After licking the tree, the buck will sniff it several times. It is not known exactly why the buck sniffs his lickings, but I suspect he sniffs it until he is satisfied that he has deposited enough scent from his Salivary Glands and Vomeronasal Organ.

Then he rubs his forehead skin hard against the tree several times. Again, he does this to deposit scent from his forehead glands which are in front and behind the antlers. These glands get considerably larger and emit more secretions during the rut. The more mature a buck is and the higher he ranks within the social status the more glandular secretions he will produce.

There has been a lot of documentation regarding the forehead gland and its use for communication purposes. The forehead glands secrete an oily substance which darkens the area on the frontal lobe portion between the antlers which is darker and more noticeable on mature bucks. This purpose of the forehead gland is two-fold. Some biologists feel it is mostly used for marking purposes when making rubs on trees. The oily secretion from the forehead glands contain a particular olfactory genetic calling card that indicates social status and hierarchy amongst the other bucks and does. Typically, a buck higher in the pecking order will make rubs with more frequency to announce his presence and stature. It has been said that the pheromones contained within the forehead gland are used to “kick start” or “announce” the coming of the rut. The forehead gland is just another gland a buck uses to leave his individual scent on a rub or overhanging branch at a scrape. Interestingly, over the years, I have witnessed does investigating and licking the area of a rub that a buck has worked over with his forehead glands as well.

As you can see by now, a rub is “alive” with a variety of pheromone odors left by each gland. But a buck is not finished leaving glandular pheromone scent markings on a rub – not yet. Finally, he will actively rub with his preorbital, or lachrymal, glands that are tear ducts located in the front of the deer’s eyes. There are sebaceous and sudoriferous glands located at the rim of the preorbital. The sebaceous glands produce a fatty substance called sebum that lubricate the area and keeps it from drying out. The sudoriferous glands produce scent or pheromone.

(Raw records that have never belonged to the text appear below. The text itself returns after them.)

Lemma relu_net_widen W W' L d N (f : 'cV[R]_d -> 'cV[R]_N) :
  (W <= W')%N -> relu_net W L f -> relu_net W' L f.
Proof.
move=> le [L0 [A0 [b0 [hid [Aout [bout [sz Hf]]]]]]].
pose P : 'M[R]_(W', W) := pid_mx W.
have PtP : P^T *m P = 1%:M by rewrite /P tr_pid_mx pid_mx_id // pid_mx_1.
split=> //; exists (P *m A0), (P *m b0), (map (fun p => (P *m p.1 *m P^T, P *m p.2)) hid),
  (Aout *m P^T), bout; split=> [|x]; first by rewrite size_map.
have embed h hs : foldl layer (P *m h) (map (fun p => (P *m p.1 *m P^T, P *m p.2)) hs) =
    P *m foldl layer h hs.
  elim: hs h => [|p hs IH] h //=; rewrite -IH.
  by rewrite -!mulmxA (mulmxA P^T) PtP mul1mx -mulmxDr relu_vec_pid_mx.
rewrite Hf -(mulmxA P A0 x) -mulmxDr relu_vec_pid_mx.
by rewrite embed mulmxA -(mulmxA Aout) PtP mulmx1.
Qed.

Lemma relu_net_comp W L1 L2 d m N (f : 'cV[R]_d -> 'cV[R]_m) (g : 'cV[R]_m -> 'cV[R]_N) :
  relu_net W L1 f -> relu_net W L2 g -> relu_net W (L1 + L2) (g \o f).
Proof.
move=> [L10 [A0 [b0 [hid [Aout [bout [sz Hf]]]]]]].
move=> [L20 [A0' [b0' [hid' [Aout' [bout' [sz' Hg]]]]]]].
split; first by rewrite addn_gt0 L10.
exists A0, b0, (hid ++ (A0' *m Aout, A0' *m bout + b0') :: hid'), Aout', bout'.
split=> [|x]; first by rewrite size_cat /= sz sz'; lia.
by rewrite /= Hg Hf foldl_cat /= mulmxDr !mulmxA addrA.
Qed.

Lemma relu_net_col_mx W1 W2 L d m k (f : 'cV[R]_d -> 'cV[R]_m) (g : 'cV[R]_d -> 'cV[R]_k) :
  relu_net W1 L f -> relu_net W2 L g ->
  relu_net (W1 + W2) L (fun x => col_mx (f x) (g x)).
Proof.
move=> [L0 [A0 [b0 [hid [Aout [bout [sz Hf]]]]]]].
move=> [_ [A0' [b0' [hid' [Aout' [bout' [sz' Hg]]]]]]].
pose blk (pq : ('M[R]_W1 * 'cV[R]_W1) * ('M[R]_W2 * 'cV[R]_W2)) :=
  (block_mx pq.1.1 0 0 pq.2.1, col_mx pq.1.2 pq.2.2).
split=> //; exists (col_mx A0 A0'), (col_mx b0 b0'), (map blk (zip hid hid')),
  (block_mx Aout 0 0 Aout'), (col_mx bout bout').
split=> [|x]; first by rewrite size_map size_zip sz sz' minnn.
have parallel hs hs' hu hd : size hs = size hs' ->
    foldl layer (col_mx hu hd) (map blk (zip hs hs')) =
    col_mx (foldl layer hu hs) (foldl layer hd hs').
  elim: hs hs' hu hd => [|p hs IH] [|p' hs'] hu hd //= [e]; rewrite -IH //.
  by rewrite mul_block_col !mul0mx addr0 add0r add_col_mx relu_vec_col_mx.
rewrite Hf Hg [col_mx A0 A0' *m x]mul_col_mx add_col_mx relu_vec_col_mx parallel ?sz ?sz' //.
by rewrite mul_block_col !mul0mx addr0 add0r add_col_mx.
Qed.

Lemma relu_net_affine d N (A : 'M[R]_(N, d)) (b : 'cV[R]_N) :
  relu_net (d + d) 1 (fun x => A *m x + b).
Proof.
split=> //; exists (col_mx 1%:M (- 1%:M)), 0, [::], (row_mx A (- A)), b; split=> // x /=.
rewrite addr0 mul_col_mx mulNmx !mul1mx relu_vec_col_mx mul_row_col mulNmx -mulmxN.
by rewrite -mulmxDr relu_vec_sub.
Qed.

Lemma relu_net_relu N : relu_net N 1 (@relu_vec R N).
Proof.
by split=> //; exists 1%:M, 0, [::], 1%:M, 0; split=> // x /=; rewrite !mul1mx !addr0.
Qed.

(* Each extra layer computes the identity as [relu x - relu (- x)], whence width [N + N]. *)
Lemma relu_net_deepen W L L' d N (f : 'cV[R]_d -> 'cV[R]_N) :
  (N + N <= W)%N -> (L <= L')%N -> relu_net W L f -> relu_net W L' f.
Proof.
move=> NW /subnK <-; elim: (L' - L)%N => [|k IH] Hf; first by rewrite add0n.
have Hid := relu_net_widen NW (relu_net_affine 1%:M (0 : 'cV[R]_N)).
have [L0 [A0 [b0 [hid [Ao [bo [sz H]]]]]]] := relu_net_comp (IH Hf) Hid.
split=> //; exists A0, b0, hid, Ao, bo; split=> [|x]; first by rewrite sz addn1.
by rewrite -H /= mul1mx addr0.
Qed.

Lemma relu_net_iter W L0 L d m (f : 'cV[R]_d -> 'cV[R]_m) (g : 'cV[R]_m -> 'cV[R]_m) k :
  relu_net W L0 f -> relu_net W L g -> relu_net W (L0 + k * L) (fun x => iter k g (f x)).
Proof.
move=> Hf Hg; elim: k => [|k IH]; first by rewrite mul0n addn0.
by rewrite mulSn addnCA addnC; exact: relu_net_comp IH Hg.
Qed.

End ReluNetworks.

Section Realizable.
Variable R : realType.

Definition realizable d N (f : 'cV[R]_d -> 'cV[R]_N) := exists W L, relu_net W L f.

Definition realizable1 d (f : 'cV[R]_d -> R) := realizable (fun x => const_mx (f x) : 'cV_1).

Lemma realizable_comp d m N (f : 'cV[R]_d -> 'cV[R]_m) (g : 'cV[R]_m -> 'cV[R]_N) :
  realizable f -> realizable g -> realizable (g \o f).
Proof.
move=> [W1 [L1 Hf]] [W2 [L2 Hg]]; exists (maxn W1 W2), (L1 + L2)%N.
by apply: relu_net_comp; [apply: relu_net_widen Hf | apply: relu_net_widen Hg]; lia.
Qed.

Lemma realizable_col_mx d m k (f : 'cV[R]_d -> 'cV[R]_m) (g : 'cV[R]_d -> 'cV[R]_k) :
  realizable f -> realizable g -> realizable (fun x => col_mx (f x) (g x)).
Proof.
move=> [W1 [L1 Hf]] [W2 [L2 Hg]].
pose W := maxn (maxn W1 W2) (maxn (m + m) (k + k)).
exists (W + W)%N, (maxn L1 L2); apply: relu_net_col_mx.
  by apply: relu_net_deepen (relu_net_widen _ Hf); rewrite ?leq_maxl // /W; lia.
by apply: relu_net_deepen (relu_net_widen _ Hg); rewrite ?leq_maxr // /W; lia.
Qed.

Lemma realizable_affine d N (A : 'M[R]_(N, d)) (b : 'cV[R]_N) :
  realizable (fun x => A *m x + b).
Proof. by exists (d + d)%N, 1%N; apply: relu_net_affine. Qed.

Lemma realizable_relu N : realizable (@relu_vec R N).
Proof. by exists N, 1%N; apply: relu_net_relu. Qed.

Lemma realizable1_affine d (a : 'rV[R]_d) (c : R) :
  realizable1 (fun x => (a *m x) ord0 ord0 + c).
Proof.
rewrite /realizable1.
have -> : (fun x => const_mx ((a *m x) ord0 ord0 + c) : 'cV_1) = (fun x => a *m x + const_mx c).
  by apply/funext => x; apply/matrixP => i j; rewrite !ord1 !mxE.
exact: realizable_affine.
Qed.

Lemma realizable1_coord d (i : 'I_d) : realizable1 (fun x : 'cV[R]_d => x i ord0).
Proof.
have -> : (fun x : 'cV[R]_d => x i ord0) = (fun x => ((delta_mx 0 i : 'rV_d) *m x) ord0 ord0 + 0).
  by apply/funext => x; rewrite addr0 -rowE mxE.
exact: realizable1_affine.
Qed.

Lemma realizable1_comp d m (f : 'cV[R]_d -> 'cV[R]_m) (g : 'cV[R]_m -> R) :
  realizable f -> realizable1 g -> realizable1 (g \o f).
Proof. exact: realizable_comp. Qed.

Lemma realizable_col d N (f : 'cV[R]_d -> 'cV[R]_N) :
  (forall i, realizable1 (fun x => f x i ord0)) -> realizable f.
Proof.
elim: N f => [|N IH] f Hf.
  have -> : f = (fun x => 0 *m x + 0) by apply/funext => x; apply/matrixP => [[]].
  exact: realizable_affine.
have -> : f = fun x => col_mx (const_mx (f x ord0 ord0) : 'cV_1) (dsubmx (f x : 'cV_(1 + N))).
  apply/funext => x; apply/matrixP => i j; rewrite !mxE ord1.
  by case: splitP => k ik; rewrite !mxE; congr (f x _ _); apply: val_inj; rewrite /= ik ?ord1.
apply: (@realizable_col_mx d 1 N); first exact: Hf.
by apply: IH => i; have := Hf (rshift 1 i); congr realizable1; apply/funext => x; rewrite mxE.
Qed.

Lemma realizable_vec2 d (f g : 'cV[R]_d -> R) :
  realizable1 f -> realizable1 g -> realizable (fun x => vec2 (f x) (g x)).
Proof.
move=> Hf Hg; apply: realizable_col => -[[|[|//]] i2].
  by have -> : (fun x => vec2 (f x) (g x) (Ordinal i2) ord0) = f by apply/funext => x; rewrite mxE.
by have -> : (fun x => vec2 (f x) (g x) (Ordinal i2) ord0) = g by apply/funext => x; rewrite mxE.
Qed.

Lemma realizable1_cst d (c : R) : realizable1 (fun _ : 'cV[R]_d => c).
Proof.
have -> : (fun _ : 'cV[R]_d => c) = fun x => ((0 : 'rV_d) *m x) ord0 ord0 + c.
  by apply/funext => x; rewrite mul0mx mxE add0r.
exact: realizable1_affine.
Qed.

Lemma realizable1_add d (f g : 'cV[R]_d -> R) :
  realizable1 f -> realizable1 g -> realizable1 (fun x => f x + g x).
Proof.
move=> Hf Hg; have -> : (fun x => f x + g x) =
    (fun z => ((const_mx 1 : 'rV_2) *m z) ord0 ord0 + 0) \o (fun x => vec2 (f x) (g x)).
  by apply/funext => x /=; rewrite !mxE !big_ord_recr big_ord0 /= !mxE add0r addr0 !mul1r.
exact: realizable1_comp (realizable_vec2 Hf Hg) (realizable1_affine _ _).
Qed.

I have seen countless bucks rub trees, brush, branches, and other vegetation while angling their heads to make sure their preorbital gland made contact with what they were rubbing. I can only assume that they did this with purpose to leave a pheromone at the spot they rubbed with their preorbital gland. I have noticed this on numerous occasions when seeing a buck make a rub. I have also seen it when a buck makes a scrape and then carefully rubs, licks, chews, and passes his preorbital glands on an overhanging branch.

So, there you have it – the real facts about what a rub represents in the world of the whitetail. It is most definitely a visual and scent laden signpost to communicate a variety of messages to other bucks and does by the deer making the rub and those who refresh it.

It should be noted here that the long-held belief that a buck makes a rub and he is the only one to check it or refresh it with scent. All rubs and scrapes are checked and sometimes refreshed by both other bucks and does. They do so to leave their personal pheromone messages as well.

That is why making a mock rub is a tactic worth taking the time to do. It is a significant strategy that when made correctly, will attract both bucks and does (mostly bucks) through their instinctive behaviors. Once a passing deer sees and smells a rub or scrape that has an odor that is not its own – they are naturally drawn to it. But only if the scents you use on the mock rub are used sparingly. If you use too much scent it will smell unnatural and either makes the buck act cautiously as he approaches it or even has him turn away from it and walk off.